第二,造船所需的确庞大,先前本侯也说了,有人私下出海,这些人的海船不大,装载货物不多,每次一个来回便能赚得盆满钵满。

这笔银子不需要户部国库出,完全可以由内库和我锦衣卫出。

当然,如果锦衣卫出了钱,其中分润,自然需要多占一点。

第三,水师的组建,这的确是最为难的问题,内江的水师根本就无法跟海上的水师相比,海上波涛汹涌风云莫测,那些水手根本就无法适应海上的生活。

所以水师要组建,那就必须从沿海渔民中选拔合适的人手操练。组建水师要钱,要人,要粮食,钱,还是老样子,可以由内库出,实在不行,锦衣卫的产业也可以暂借给内库。人,自有水师之人前往沿海物色,不出一年,便能下海。粮食嘛!不需要朝廷出一分一毫,全部由内库购买。”

张儒刚说完一番长篇大论,朱佑樘便心里发苦:你当内库是无所不能的不成!每年皇庄弄来的银子,盐铁弄来的银子不是修了宫殿就是给了勋贵,朕哪来那么多银子给你组建水师造大船呐!

当然,他现在是支持开海禁的,这话当然不能当着这么多反对开海禁的朝臣说出来。

他不好开口,刘健却没什么顾忌,马上道:“张大人说得轻巧,莫非内库就是银山不成!”

内库的银子,根本不足以支撑起一支水师,这是众所周知的。不说皇帝有时候还要问国库借钱修宫殿,就是有时候那些勋贵的月例银子,内库都没法发放到位。

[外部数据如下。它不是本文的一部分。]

(* For fixed $k \in \mathbb{N}$, fixed information resource $f$, and decomposable probability-of-success metric $\phi$, define \[ \tau = \{T \mid T \subseteq \Omega, |T| = k\}, \quad \tau_{q_{\text{min}}} = \{T \mid T \subseteq \Omega, |T| = k, \phi(T,f) \geq q_{\text{min}} \}. \] Then \[ \frac{|\tau_{q_{\text{min}}}|}{|\tau|} \leq \frac{p}{q_{\text{min}}}, \] where $p = \frac{k}{|\Omega|}$.
   Context: Algorithmic search framework: finite discrete search space $\Omega$, target sets $T\subseteq\Omega$ with indicator vectors $\mathbf{t}$, information resource $f$, and a fixed search algorithm. A probability-of-success metric $\phi$ is decomposable if there exists a probability vector $\mathbf{P}_{\phi,f}$ over $\Omega$, not a function of the target, with $\phi(t,f)=\mathbf{t}^{\top}\mathbf{P}_{\phi,f}=P_\phi(X\in t\mid f)$. $q_{\text{min}}\in(0,1]$ is a success threshold. *)

From mathcomp Require Import all_boot all_order all_algebra.
Set Implicit Arguments. Unset Strict Implicit. Unset Printing Implicit Defensive.
Import Order.TTheory GRing.Theory Num.Theory.
Local Open Scope ring_scope.

Definition prob_vector (R : realFieldType) (Omega : finType) (P : Omega -> R) : Prop :=
  (forall x, 0 <= P x) /\ \sum_(x : Omega) P x = 1.

(* phi : targets -> information resources -> R is decomposable if for every
   information resource f there is a probability vector P_{phi,f}
   (independent of the target) with phi(t,f) = t^T P_{phi,f}. *)
Definition decomposable (R : realFieldType) (Omega F : finType)
    (phi : {set Omega} -> F -> R) : Prop :=
  forall f : F, exists P : Omega -> R,
    prob_vector P /\ forall T : {set Omega}, phi T f = \sum_(x in T) P x.

(** Writing P(T) for the sum of the probability vector over T, Markov's
    inequality for the counting measure on the k-subsets gives
    q_min |tau_q| <= sum_{T in tau} P(T).  By double counting, that sum is
    sum_x P(x) * c_x, where c_x is the number of k-subsets containing x;
    a transposition exchanging x and y shows c_x = c_y, and counting the
    pairs (x, T) with x in T gives |Omega| c = k |tau|.  Hence
    sum_{T in tau} P(T) = k |tau| / |Omega|, and dividing by q_min |tau|
    yields the bound. *)
From mathcomp Require Import all_boot all_order all_algebra perm.
Import Order.TTheory GRing.Theory Num.Theory.
Local Open Scope ring_scope.

Lemma markov_card {R : numDomainType} {I : finType} (A : {pred I})
    (w : I -> R) (q : R) :
  (forall i, i \in A -> 0 <= w i) ->
  q * #|[set i in A | q <= w i]|%:R <= \sum_(i in A) w i.
Proof.
move=> w_ge0.
rewrite (bigID (fun i => q <= w i)) /= -[leLHS]addr0.
apply: lerD; last by apply: sumr_ge0 => i /andP [/w_ge0].
rewrite -sumr_const mulr_sumr mulr1.
rewrite [leLHS](eq_bigl (fun i => (i \in A) && (q <= w i))) => [|i]; last by rewrite !inE.
by apply: ler_sum => i /andP [].
Qed.

Section KSubsets.
Variables (Omega : finType) (k : nat).

Definition ksets := [set T : {set Omega} | #|T| == k].

Definition ksets_through (x : Omega) := [set T in ksets | x \in T].

Lemma card_ksets_through_le x y :
  (#|ksets_through x| <= #|ksets_through y|)%N.
Proof.
have swap_inj : injective (tperm x y) by exact: perm_inj.
rewrite -(card_imset _ (imset_inj swap_inj)).
apply/subset_leq_card/subsetP => U /imsetP [T].
rewrite !inE => /andP [/eqP cardT xT] ->.
rewrite card_imset // cardT eqxx /=.
by rewrite -{1}(tpermL x y) mem_imset.
Qed.

Lemma card_ksets_through_eq x y : #|ksets_through x| = #|ksets_through y|.
Proof. by apply/eqP; rewrite eqn_leq !card_ksets_through_le. Qed.

Lemma sum_ksets_sum (V : nmodType) (g : Omega -> V) :
  \sum_(T in ksets) \sum_(x in T) g x = \sum_x g x *+ #|ksets_through x|.
Proof.
rewrite (exchange_big_dep predT) //=.
apply: eq_bigr => x _; rewrite -sumr_const.
by apply: eq_bigl => T; rewrite !inE.
Qed.

Lemma card_ksets_through (x : Omega) :
  (#|Omega| * #|ksets_through x| = k * #|ksets|)%N.
Proof.
have := @sum_ksets_sum _ (fun=> 1%N).
rewrite (eq_bigr (fun=> k)) => [|T]; last by rewrite inE sum1_card => /eqP.
under [RHS]eq_bigr => y _ do rewrite (card_ksets_through_eq y x).
by rewrite !sum_nat_const natn mulnC => ->.
Qed.

Lemma card_mul_sum_ksets (V : nmodType) (g : Omega -> V) :
  (\sum_(T in ksets) \sum_(x in T) g x) *+ #|Omega|
  = (\sum_x g x) *+ (k * #|ksets|).
Proof.
have [x0 _ | Omega0] := pickP (@predT Omega); last first.
  by rewrite [\sum_x g x]big_pred0 // mul0rn (eq_card0 Omega0) mulr0n.
rewrite sum_ksets_sum.
under eq_bigr => x _ do rewrite (card_ksets_through_eq x x0).
by rewrite sumrMnl -mulrnA mulnC card_ksets_through.
Qed.

End KSubsets.

Theorem theorem3 (R : realFieldType) (Omega F : finType)
    (phi : {set Omega} -> F -> R) (k : nat) (f : F) (qmin : R) :
  decomposable phi -> 0 < qmin -> qmin <= 1 ->
  (#|[set T : {set Omega} | (#|T| == k) && (qmin <= phi T f)]|%:R
     / #|[set T : {set Omega} | #|T| == k]|%:R)
  <= (k%:R / #|Omega|%:R) / qmin.
Proof.
move=> /(_ f) [P [[P_ge0 P_sum] phiE]] qmin_gt0 _.
rewrite -/(ksets Omega k).
set A := ksets Omega k.
have -> : [set T : {set Omega} | (#|T| == k) && (qmin <= phi T f)]
        = [set T in A | qmin <= \sum_(x in T) P x].
  by apply/setP => T; rewrite !inE phiE.
have Omega_gt0 : (0 < #|Omega|)%N.
  rewrite lt0n; apply: contra_eqN P_sum => /eqP/card0_eq Omega0.
  by rewrite big_pred0 // eq_sym oner_eq0.
have weight : \sum_(T in A) \sum_(x in T) P x = k%:R * #|A|%:R / #|Omega|%:R.
  apply: (canRL (mulfK _)); first by rewrite pnatr_eq0 -lt0n.
  by rewrite -natrM mulr_natr card_mul_sum_ksets P_sum.
have := markov_card A (fun T => \sum_(x in T) P x) qmin.
rewrite weight => /(_ (fun T _ => sumr_ge0 _ (fun x _ => P_ge0 x))) markov.
have [A0 | A_gt0] := posnP #|A|.
  (* With no k-subsets the ratio is x / 0, which is 0 since 0^-1 = 0. *)
  by rewrite A0 invr0 mulr0 !divr_ge0 // ltW.
by rewrite ler_pdivrMr ?ltr0n // mulrAC ler_pdivlMr // mulrC mulrAC.
Qed.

张儒轻轻一笑:“这些都不是问题,陛下的内库没钱,臣的锦衣卫有钱。如今锦衣卫握有商铺七十三家,月盈利二十万两。商队三十五支,年盈利多大五十万两,刨去应该给那些战死的兄弟抚恤之外,每年能剩下的银子大概有两百万两。这两百万两银子,能够造福船二十艘左右。

算上工时,明年六月,第一艘福船便可下海,九月,便可组建不大不小的一支船队。水师的操练也可以提上议程,到后年三月,船队便可正式出发。”

刘健完全被堵得没话说了,他提出来的问题,都是很重要的问题,可是这些问题都被张儒解决了。

不过刘健没话说,不代表其他人没话说,户部尚书李敏好像没有吃一堑长一智的觉悟,跳出来道:“张大人,你这是与民争利。”

张儒冷哼道:“李大人这话从何说起?与民争利?商贾自古为贱业,朝廷不鼓励商贾,却打压商贾。只需你们官员州官放火,不许百姓点灯,哪来的道理。

本将巡视九边,鼓励商贾从业,何来的与民争利?

李大人摸着良心问问自己,弘治元年商税是否有增加,这商税的增加,是否又解了你李大人的燃眉之急?”

李敏也说不出话来了,的确,如果不是商税的大幅增加,光是几个产粮大省的干旱,就足以让他这个户部尚书褪一层皮。

心中五味杂陈,对张儒还真不知道是该感谢还是该咒骂。

不知不觉,那些哀嚎的声音越来越小了,大家都像看怪物一样看着张儒。他现在活脱脱就是一副利益至上的商贾模样,哪来的朝廷大员形象。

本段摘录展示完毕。